Analysing Measurement Models in Multivariable Analysis
There are a variety of methods of analysis for measurement models like this. They include Confirmatory Factor Analysis and Exploratory Factor Analysis, and are usually carried out by computer.
The details of how to carry out each one are beyond the scope of this page, but the basic idea is that they measure how much of the variation seen in the overall construct is caused by each factor.
Causal models look at the way in which variables relate to each other. While it is not possible to prove causality beyond doubt, causal models allow you to say whether the suggested relationship fits the data, and how well.
The strength or weakness of any causal model is the selection of the variables. If you miss out a major causal factor, then your conclusions will be either limited or incorrect. It is therefore worth taking time on defining your model as carefully as possible.
There is a balance to be struck between simplicity and including more variables to obtain a better fit. Obviously you do not want to miss out a major causal variable, and including more variables will always give a better fit. But you need to consider whether the additional complexity is worth it for the gain in quality of the model.
Suitable analysis methods for causal models tend to be what is called generalised linear models, which include logistic regression analysis, multiple regression analysis, multivariate analysis of covariance (MANCOVA) and multivariate analysis of variance (MANOVA).
All these methods give you a measure of how much of the variation in the dependent variables is caused by the predictors, and thus whether your model is any good.
Again, there are computer packages that can do these analyses for you, but do make sure that you understand what you’re doing and are interpreting the results correctly.

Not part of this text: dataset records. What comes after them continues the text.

Lemma ramp_pieces_approx (L t : R) :
  (forall x y, `|f x - f y| <= L * `|x - y|) -> a <= t <= b ->
  `|f t - \sum_(k < N) ramp_piece k t| <= L * ((b - a) / N%:R).
Proof.
move=> f_lip t_in.
have -> : \sum_(k < N) ramp_piece k t = f (knot a h 0) + \sum_(k < N) ramp_term f a h k t.
  rewrite big_split /= sumr_const card_ord knot0 -[_ *+ N]mulr_natr divfK //.
  by rewrite pnatr_eq0 -lt0n.
apply: ramp_sum_interpolates => //; last by rewrite knot0 knotN.
- have := f_lip (a + h) a; rewrite addrAC subrr add0r (gtr0_norm h_gt0).
  exact: le_trans (normr_ge0 _).
- move=> k _; apply: le_trans (ler_norm _) (le_trans (f_lip _ _) _).
  by rewrite knotS addrAC subrr add0r (gtr0_norm h_gt0).
Qed.

End RampPieces.

Lemma lipschitz_uniform (R : realType) (I : finType) (f : I -> R -> R) :
  (forall i, exists L, forall x y, `|f i x - f i y| <= L * `|x - y|) ->
  exists L, forall i x y, `|f i x - f i y| <= L * `|x - y|.
Proof.
move=> /choice[L f_lip]; exists (\sum_i `|L i|) => i x y.
apply: le_trans (f_lip i x y) (ler_wpM2r (normr_ge0 _) _).
apply: le_trans (ler_norm _) _.
rewrite (bigD1 i) //= lerDl; exact: sumr_ge0.
Qed.

Lemma exists_nat_ratio_le (R : realType) (c delta : R) :
  0 < delta -> exists N : nat, (0 < N)%N /\ c / N%:R <= delta.
Proof.
move=> delta_gt0; set M := Num.bound (`|c| / delta).
have M_gt : `|c| / delta < M.+1%:R.
  by apply: lt_trans (archi_boundP (divr_ge0 (normr_ge0 c) (ltW delta_gt0))) _; rewrite ltr_nat.
exists M.+1; split => //.
rewrite ler_pdivrMr ?ltr0n // mulrC; apply: le_trans (ler_norm c) _.
by rewrite -ler_pdivrMr // ltW.
Qed.

Section MatrixNorm.
Variable R : realType.

Lemma mx_norm_entry_le m n (A : 'M[R]_(m, n)) i j : `|A i j| <= `|A|.
Proof.
rewrite [leRHS]/Num.Def.normr /= mx_normrE; apply/bigmax_geP; right.
by exists (i, j).
Qed.

Lemma mx_norm_le m n (A : 'M[R]_(m, n)) (c : R) :
  0 <= c -> (forall i j, `|A i j| <= c) -> `|A| <= c.
Proof.
move=> c0 A_le; rewrite [leLHS]/Num.Def.normr /= mx_normrE.
by apply: bigmax_le => // -[i j].
Qed.

Lemma mx_norm_mulmx_le m n k (A : 'M[R]_(m, n)) (B : 'M[R]_(n, k)) :
  `|A *m B| <= (\sum_i \sum_j `|A i j|) * `|B|.
Proof.
apply: mx_norm_le => [|i l].
  by apply: mulr_ge0 => //; apply: sumr_ge0 => i _; apply: sumr_ge0.
rewrite mxE; apply: le_trans (ler_norm_sum _ _ _) _.
apply: le_trans (_ : \sum_j `|A i j| * `|B| <= _).
  by apply: ler_sum => j _; rewrite normrM; apply: ler_wpM2l => //; apply: mx_norm_entry_le.
rewrite -mulr_suml; apply: ler_wpM2r => //.
rewrite (bigD1 i) //= lerDl.
by apply: sumr_ge0 => i' _; apply: sumr_ge0.
Qed.

Lemma eucl_norm_le_mx_norm d (v : 'cV[R]_d) : eucl_norm v <= d%:R * `|v|.
Proof.
rewrite /eucl_norm -[leRHS]ger0_norm ?mulr_ge0 // -sqrtr_sqr ler_sqrt ?sqr_ge0 //.
apply: le_trans (_ : \sum_(i < d) `|v|^+2 <= _).
  apply: ler_sum => i _; rewrite -real_normK ?num_real // lerXn2r ?nnegrE //.
  exact: mx_norm_entry_le.
rewrite sumr_const card_ord -[_ *+ d]mulr_natl exprMn; apply: ler_wpM2r; first exact: sqr_ge0.
by rewrite -natrX ler_nat; case: d {v} => // d; apply: leq_pmulr.
Qed.

End MatrixNorm.

Section SplitNeurons.
Variables (R : realType) (p N d : nat).

(* Neurons are indexed by the pairs (i, k) through [enum_val]; neuron (i, k) has
   weight row [i] of [W] and activation [tau i k]. *)
Definition split_weights (W : 'M[R]_(p, d)) : 'M[R]_(#|{: 'I_p * 'I_N}|, d) :=
  \matrix_(j, c) W (enum_val j).1 c.

Definition split_activations (tau : 'I_p -> 'I_N -> R -> R) :
  'I_#|{: 'I_p * 'I_N}| -> R -> R :=
  fun j => tau (enum_val j).1 (enum_val j).2.

Lemma grad_map_split W tau x :
  grad_map (split_weights W) (split_activations tau) x =
  grad_map W (fun i t => \sum_(k < N) tau i k t) x.
Proof.
apply/matrixP => c l; rewrite !mxE.
have row_eq j : (split_weights W *m x) j 0 = (W *m x) (enum_val j).1 0.
  by rewrite !mxE; apply: eq_bigr => c' _; rewrite mxE.
under eq_bigr do rewrite [sigma_vec _ _ _ _]mxE row_eq 2!mxE.
rewrite -(big_enum_val (fun u : 'I_p * 'I_N => W u.1 c * tau u.1 u.2 ((W *m x) u.1 0))) /=.
rewrite -(pair_big xpredT xpredT (fun i k => W i c * tau i k ((W *m x) i 0))) /=.
by apply: eq_bigr => i _; rewrite [sigma_vec _ _ _ _]mxE [W^T c i]mxE mulr_sumr.
Qed.

End SplitNeurons.

Lemma grad_mapB (R : realType) (p d : nat) (W : 'M[R]_(p, d)) (sig tau : 'I_p -> R -> R) x :
  grad_map W sig x - grad_map W tau x = W^T *m (sigma_vec sig (W *m x) - sigma_vec tau (W *m x)).
Proof. by rewrite /grad_map mulmxBr. Qed.

Lemma compact_mulmx_bounded (R : realType) (p d : nat) (W : 'M[R]_(p, d))
    (Omega : set 'cV[R]_d) :
  compact Omega -> exists B : R, 0 < B /\ forall x, Omega x -> `|W *m x| <= B.
Proof.
move=> /compact_bounded[M [_ Omega_le]].
set C := \sum_i \sum_j `|W i j|.
have C_ge0 : 0 <= C by apply: sumr_ge0 => i _; apply: sumr_ge0.
exists (C * (`|M| + 1) + 1); split; first by rewrite ltr_pwDr // mulr_ge0.
move=> x Omega_x; apply: le_trans (mx_norm_mulmx_le W x) _.
apply: le_trans (_ : C * (`|M| + 1) <= _); last by rewrite lerDl.
apply: ler_wpM2l => //; apply: Omega_le => //.
by apply: le_lt_trans (ler_norm M) _; rewrite ltrDl.
Qed.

Structural Equation Modelling brings together measurement models and causal models. It is a computer-modelling technique that fits a structural equation to the model. This technique is complicated, but in essence compares possible models and identifies the one that best fits the data.
A Complex Area
The world is a complex place, and sometimes the only way to understand what’s going on is to use advanced statistical techniques for modelling.
However, these too are complex and you should not embark on them without understanding the basics. If you don’t, then it’s a good idea to consult someone who does, usually a statistician. Even if you’ve used the technique before, it’s still a good idea to get a statistician to have a look at what you’re planning to do and check your results afterwards in case of any glaring errors.
Poor analysis will undermine good research very quickly.